● **AVAILABLE DATA**
Lemma nested_dyadic_balls Q (G : nat -> set pt) x0 :
  Q x0 -> (forall n, nowhere_dense_in Q (G n)) ->
  exists (q : nat -> pt) (t : nat -> R), forall n, [/\ Q (q n), 0 < t n, t n <= 2 ^- n,
    eball (q n.+1) (t n.+1) `<=` eball (q n) (t n) & eball (q n.+1) (2 * t n.+1) `<=` ~` G n].
Proof.
move=> Qx0 Gnd.
have /choice[f fP] : forall z : nat * (pt * R), exists w : pt * R, Q z.2.1 -> 0 < z.2.2 ->
    [/\ Q w.1, 0 < w.2, eball w.1 w.2 `<=` eball z.2.1 z.2.2 & eball w.1 w.2 `<=` ~` G z.1].
  move=> [n [p r]] /=; have [[Qp r0]|] := pselect (Q p /\ 0 < r).
    by have [q [t ?]] := Gnd n p r Qp r0; exists (q, t).
  by move=> npr; exists (p, r) => Qp r0; exfalso; apply: npr.
pose fix balls n : pt * R := if n is k.+1 then
  ((f (k, balls k)).1, Num.min (f (k, balls k)).2 (balls k).2 / 2) else (x0, 1).
exists (fun n => (balls n).1), (fun n => (balls n).2).
have inv n : [/\ Q (balls n).1, 0 < (balls n).2 & (balls n).2 <= 2 ^- n].
  elim: n => [|n [Qn tn tn2]]; first by rewrite /= expr0 invr1.
  have [Qf tf _ _] := fP (n, balls n) Qn tn.
  rewrite /= exp2NS ler_pM2r ?invr_gt0 // divr_gt0 ?lt_min ?tf ?tn //.
  by split => //; apply: le_trans tn2; rewrite ge_min lexx orbT.
move=> n; have [Qn tn tn2] := inv n; have [Qf tf fsub fG] := fP (n, balls n) Qn tn.
have [Qn1 tn1 _] := inv n.+1.
have tf2 : 2 * (balls n.+1).2 <= (f (n, balls n)).2.
  by rewrite /= mulrC divfK ?pnatr_eq0 // ge_min lexx.
move: tn1 tf2 => /= tn1 tf2.
by split => // y; rewrite /eball /= => yq; [apply: fsub|apply: fG]; rewrite /eball /=; lra.
Qed.

Lemma baire_euclid_closed Q (G : nat -> set pt) x0 :
  euclid_closed_in_Ln Q -> Q x0 -> (forall n, nowhere_dense_in Q (G n)) ->
  exists2 x, Q x & forall n, ~ G n x.
Proof.
move=> Qcl Qx0 Gnd; have [q [t qt]] := nested_dyadic_balls Qx0 Gnd.
have nestN n k : eball (q (n + k)%N) (t (n + k)%N) `<=` eball (q n) (t n).
  elim: k => [|k IH]; first by rewrite addn0.
  by have [_ _ _ sub _] := qt (n + k)%N; rewrite addnS => y /sub/IH.
have qin n k : edist (q (n + k)%N) (q n) < t n.
  by apply: (nestN n k); rewrite /eball /= edistxx; case: (qt (n + k)%N).
have C0 : 0 < m.+1%:R :> R by rewrite ltr0n.
have [x xq] : exists x, forall n, edist x (q n) <= m.+1%:R * 2 ^- n.
  by apply: dyadic_cauchy_lim_pt => n k; have [_ _ tn _ _] := qt n; apply: lt_le_trans (qin n k) tn.
exists x; first by apply: euclid_closed_lim Qcl _ C0 xq => n; case: (qt n).
move=> n; have [_ _ _ _ avoid] := qt n; apply: avoid; rewrite /eball /=.
have [_ tn1 _ _ _] := qt n.+1; have [k kt] := exp2N_small C0 tn1.
apply: le_lt_trans (edist_triangle x (q (n.+1 + k)%N) (q n.+1)) _.
have := le_trans (xq (n.+1 + k)%N) (ler_wpM2l (ltW C0) (exp2N_le R (leq_addl n.+1 k))).
by have := qin n.+1 k; lra.
Qed.

End Baire.

Section TangentBallsNearby.
Variables (R : realType) (m : nat).
Local Notation pt := (pt R m).
Implicit Types (x y p b : pt).
Variables (Q : set pt) (c : nat -> pt) (s : nat -> R) (r : pt -> R).
Hypothesis Qcl : euclid_closed_in_Ln Q.
Hypothesis Qperfect : forall x e, Q x -> 0 < e -> exists y, [/\ Q y, y <> x & edist y x < e].
Hypothesis cQ : forall k, Q (c k).
Hypothesis c_dense : forall x e, Q x -> 0 < e -> exists k, edist (c k) x < e.
Hypothesis s_gt0 : forall k, 0 < s k.
Hypothesis r_gt0 : forall x, 0 < r x.

Lemma nowhere_dense_in_set1 x : nowhere_dense_in Q [set x].
Proof.
move=> p e Qp e0; have [y [Qy yx yp]] : exists y, [/\ Q y, y <> x & edist y p < e / 2].
  have [<-|px] := pselect (p = x); first by apply: Qperfect => //; lra.
  by exists p; rewrite edistxx; split => //; lra.
set t := Num.min (e / 2) (edist x y).
have te : t <= e / 2 by rewrite ge_min lexx.
have txy : t <= edist x y by rewrite ge_min lexx orbT.
exists y, t; split => //; first by rewrite lt_min edist_gt0 ?andbT; [lra|apply: nesym].
  move=> z; rewrite /eball /= => zy; apply: le_lt_trans (edist_triangle z y p) _; lra.
by move=> z; rewrite /eball /= => + zx; rewrite zx; lra.
Qed.

Definition tangent_separated n := [set b | 2 ^- n <= r b /\
  forall k, edist b (c k) < 2 ^- n -> 4 * r b * s k <= sqdist b (c k)].

Lemma nowhere_dense_tangent_separated n : nowhere_dense_in Q (tangent_separated n).
Proof.
move=> p e Qp e0; have [k kp] := c_dense Qp (divr_gt0 e0 (ltr0Sn R 1)).
have sk := s_gt0 k; have hn := exp2N_gt0 R n.
set t := Num.min (e / 2) (Num.min (2 ^- n) (Num.min 1 (2 * s k * 2 ^- n))).
have [te tn t1 ts] : [/\ t <= e / 2, t <= 2 ^- n, t <= 1 & t <= 2 * s k * 2 ^- n].
  by rewrite !ge_min !lexx !orbT.
have t0 : 0 < t.
  by rewrite !lt_min ltr01 hn divr_gt0 //= !mulr_gt0.
exists (c k), t; split => //; [move=> z|move=> b]; rewrite /eball /=.
  by move=> zc; apply: le_lt_trans (edist_triangle z (c k) p) _; lra.
move=> bc [rb /(_ k (lt_le_trans bc tn))]; rewrite -sqr_edist.
have := edist_ge0 b (c k); have : 2 ^- n * s k <= r b * s k by rewrite ler_pM2r.
have := mulr_gt0 hn sk; nra.
Qed.

Lemma tangent_balls_meet_nearby : exists2 b, Q b /\ ~ range c b &
  forall d, 0 < d -> exists k, edist b (c k) < d /\ tball b (r b) `&` tball (c k) (s k) !=set0.
Proof.
pose G n := [set c n] `|` tangent_separated n.
have Gnd n : nowhere_dense_in Q (G n).
  exact: nowhere_dense_inU (nowhere_dense_in_set1 _) (nowhere_dense_tangent_separated n).
have [b Qb bG] := baire_euclid_closed Qcl (cQ 0) Gnd.
exists b; first by split => // -[k _ ckb]; apply: (bG k); left.
apply: contrapT => /existsNP[d /not_implyP[d0 /forallNP far]].
have bd0 : 0 < Num.min (r b) d by rewrite lt_min r_gt0.
have [n] := exp2N_small ltr01 bd0; rewrite mul1r lt_min => /andP[nr nd].
apply: (bG n); right; split => [|k bk]; first exact: ltW.
rewrite leNgt; apply/negP => close; apply: (far k); split; first exact: lt_trans nd.
by apply: tball_meet; rewrite ?r_gt0 ?s_gt0 //; apply: Qcl.1.
Qed.
End TangentBallsNearby.

Lemma finite_set_gt0_lbound (R : realType) (E : set R) :
  finite_set E -> (forall y, E y -> 0 < y) -> exists2 d, 0 < d & forall y, E y -> d <= y.
Proof.
move=> /finite_seqP[s ->]; elim: s => [|a s IH] Epos; first by exists 1.
have [d d0 ds] : exists2 d, 0 < d & forall y, [set` s] y -> d <= y.
  by apply: IH => y ys; apply: Epos; rewrite /= in_cons ys orbT.
have a0 : 0 < a by apply: Epos; rewrite /= mem_head.
exists (Num.min d a) => [|y]; first by rewrite lt_min d0.
rewrite /= in_cons => /orP[/eqP->|ys]; first by rewrite ge_min lexx orbT.
by rewrite ge_min ds.
Qed.

Lemma finite_set_far (R : realType) (m : nat) (S : set (pt R m)) x :
  finite_set S -> ~ S x -> exists2 d, 0 < d & forall y, S y -> d <= edist x y.
Proof.
move=> Sfin nSx; have Spos : forall d, (edist x @` S) d -> 0 < d.
  by move=> _ [y Sy <-]; apply: edist_gt0 => xy; apply: nSx; rewrite xy.
have [d d0 dS] := finite_set_gt0_lbound (finite_image (edist x) Sfin) Spos.
by exists d => // y Sy; apply: dS; exists y.
Qed.

Section NotNormalNotParacompact.
Variables (R : realType) (m : nat).
Local Notation pt := (pt R m).
Local Notation Xn := (@Xn R m).
Local Notation Ln := (@Ln R m).
Variables (A B : set pt) (c : nat -> pt).
Hypothesis BLA : B `<=` Ln `\` A.
Hypothesis Bcl : euclid_closed_in_Ln B.
Hypothesis cQ : forall k, condensation B (c k).
Hypothesis c_dense : forall x e, condensation B x -> 0 < e -> exists k, edist (c k) x < e.

Let Q := condensation B.
Let QB : Q `<=` B := @condensation_sub R m B.
Let cB k : B (c k) := QB (cQ k).
Let rangecB : range c `<=` B. Proof. by move=> _ [k _ <-]. Qed.
Let QcB : Q `\` range c `<=` B. Proof. by move=> x [/QB]. Qed.

Lemma tangent_balls_meet_nearby_condensation (s : nat -> R) (r : pt -> R) :
  (forall k, 0 < s k) -> (forall x, 0 < r x) ->
  exists2 b, Q b /\ ~ range c b & forall d, 0 < d ->
    exists k, edist b (c k) < d /\ tball b (r b) `&` tball (c k) (s k) !=set0.
Proof.
apply: tangent_balls_meet_nearby => //; first exact: condensation_closed.
exact: condensation_perfect.
Qed.

Lemma not_tau_normal : ~ tau_normal A.
Proof.
move=> normal.
have [U [V [oU oV cU QV UV]]] := normal _ _ (tau_closed_sub BLA Bcl rangecB)
  (tau_closed_sub BLA Bcl QcB) (setDIK _ _).
have [s [s0 sU]] := @tau_open_tball_radius R m A (range c) (fun=> U)
  (subset_trans rangecB BLA) (fun x cx => conj oU (cU x cx)).
have [r [r0 rV]] := @tau_open_tball_radius R m A (Q `\` range c) (fun=> V)
  (subset_trans QcB BLA) (fun x Qx => conj oV (QV x Qx)).
have [b [Qb nb] /(_ 1 ltr01)[k [_ [p [pb pk]]]]] :=
  tangent_balls_meet_nearby_condensation (fun k => s0 (c k)) r0.
have : (U `&` V) p by split; [apply: (sU (c k)) => //; exists k|exact: (rV b)].
by rewrite UV.
Qed.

● **WHAT THIS TASK INVOLVES**
Please work out how many lines of the data include the string "edistxx" and reply with the number alone.

● **RESPONSE TO THE TASK**
2